Stem cells can be found in embryonic and extraembryonic tissues as well as in adult organs. In recent years, human mesenchymal stem cells (MSC) have been extensively studied. Their key characteristics of long-term self-renewal and a capacity to differentiate into diverse mature tissues favor their use in regenerative medicine applications. Several reports indicate that cells of Wharton's jelly (WJ), the main component of umbilical cord extracellular matrix, are multipotent stem cells, expressing markers of bone marrow mesenchymal stem cells (BM-MSC), and giving rise to different cellular types of both connective and nervous tissues. WJ-MSC further emerge as promising hypoimmunogenic cells, due to the expression of molecules able to modulate NK cells and expand regulatory T-cell populations. Moreover, it is now accepted that the differentiative capacities of such cells span all the mesoderm-derived tissues, extending to neuroectodermal as well as endodermal lineages. Literature data, together with ones from our laboratory, strongly suggest that WJ-MSC can differentiate into diverse cell types, showing a unique ability to cross lineage borders. This, together with their in vitro proliferative potential and their immunoregulatory features, renders these cells extremely promising for regenerative medicine applications in different pathological settings. Therefore the study of the basic biological properties of these cells and the definition of proper trans-differentiation conditions, together with the establishment of copnditions favoring their regulation of the host immune system are key aims for the development of successful cellular therapy applications.

MULTIPLE EFFECTS OF OXIDATIVE STRESS ON ENDOTHELIAL CELLS
(in collaboration with Dr A. Di Stefano and Dr. P. Giannuzzi, Fondazione "S. Maugeri" IRCCS, Centro Medico di Veruno (NO), Italy)

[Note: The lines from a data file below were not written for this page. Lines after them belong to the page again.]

Lemma vanishes_int e : integral_free e -> vanishes e -> vanishes (expr_int e).
Proof.
  intros He H t x [Ht Hx].
  rewrite <- RInt_eval; auto.
  - rewrite (RInt_ext _ (fun _ => 0)), RInt_const.
    + unfold scal; simpl; unfold mult; simpl; ring.
    + rewrite Rmin_left, Rmax_right by lra; intros s Hs; symmetry; apply H; split; auto; lra.
  - rewrite Rmin_left, Rmax_right by lra; intros s Hs; apply cylinder_in_U; split; auto; lra.
Qed.

(** * The linearized York equations *)

Variable A0 : R3 -> mat.
Hypotheses
  (Hdiv : forall t x i, 0 <= t <= T -> Omega x -> (i < 3)%nat -> div A t x i = 0)
  (Hevo1 : forall t x i j, 0 <= t <= T -> Omega x -> (i < 3)%nat -> (j < 3)%nat ->
     dtM A t x i j + curl (Sf gamma) t x i j = 0)
  (Hevo2 : forall t x i j, 0 <= t <= T -> Omega x -> (i < 3)%nat -> (j < 3)%nat ->
     Sf (dtM gamma) t x i j - symf (curl A) t x i j = 0)
  (Hcons : forall t x, 0 <= t <= T -> Omega x -> divdiv (Sf gamma) t x = 0)
  (HA0 : forall x, Omega x -> A 0 x = A0 x).

Lemma evolution_A_vanishes p q : (p < 3)%nat -> (q < 3)%nat ->
  vanishes (edtM eA p q ++ ecurl (eS egamma) p q).
Proof.
  intros Hp Hq; apply (vanishes_of_represents (fun t x => dtM A t x p q + curl (Sf gamma) t x p q)).
  - apply represents_plus.
    + apply (represents_m_dt _ _ represents_m_A ex_dt_A); auto.
    + apply (represents_m_curl _ _ (represents_m_S _ _ represents_m_gamma)); auto.
  - intros t x [Ht Hx]; now apply Hevo1.
Qed.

The increase of oxidative stress is indicated as a key element in the development of cardiovascular pathologies such as hypertension, atherosclerosis and cardiac pathologies. The increase of the reactive oxygen species (ROS) can be due to various factors, among which the establishment of local flogistic processes at vascular level, which may have as main target the endothelial cells. Several literature data suggest the possibility that hydrogen peroxide may act as a mediator of activation of endothelial gene expression, causing for example the well known increase in vascular permeability and adhesiveness for leukocytes. More in general, ROS have been implicated in the pathophysiology of a number of cardiovascular diseases. Hydrogen peroxide is reactive oxygen species which is normally present in endothelial cells at concentrations higher than in other cell types. Moreover, at the low micromolar range it has a proliferative effect on HUVEC cells. Our working hypothesis rises from the fact that in conditions of oxidative and/or inflammatory stress the endothelial cells are in a key position to activate enzymatic responses in order to eliminate the sources of stress. In last analysis this process can be transformed in damage, independently from the participation of the activated neutrophils to the general process of inflammation. In order to investigate the multiple effects of oxidative and/or inflammatory processes on endothelial cells, we will proceed to the isolation of primary endothelial cells from the vein human umbilical cords (HUVEC). After the initial typing to ensure a pure cellular population, we will perform experiments of oxidative stress by exposing HUVEC to hydrogen peroxide, using both sublethal and proapoptotic concentrations. Cellular responses will be characterized by analyzing variations in cell viability, differential expression of endothelial markers as well as molecules involved in the response to the stress (as endothelial isoform of NOS). The protein profile of control and treated cells will be analysed by means of 2D-IPG in order to determine the proteomic profile of cells and its variations following the application of the stimulus. The present project will enrich the present knowledge about the physiopathologic response of endothelium to oxidative stress and the ways by which this tissue may be capable itself to actively participate in the inflammatory process.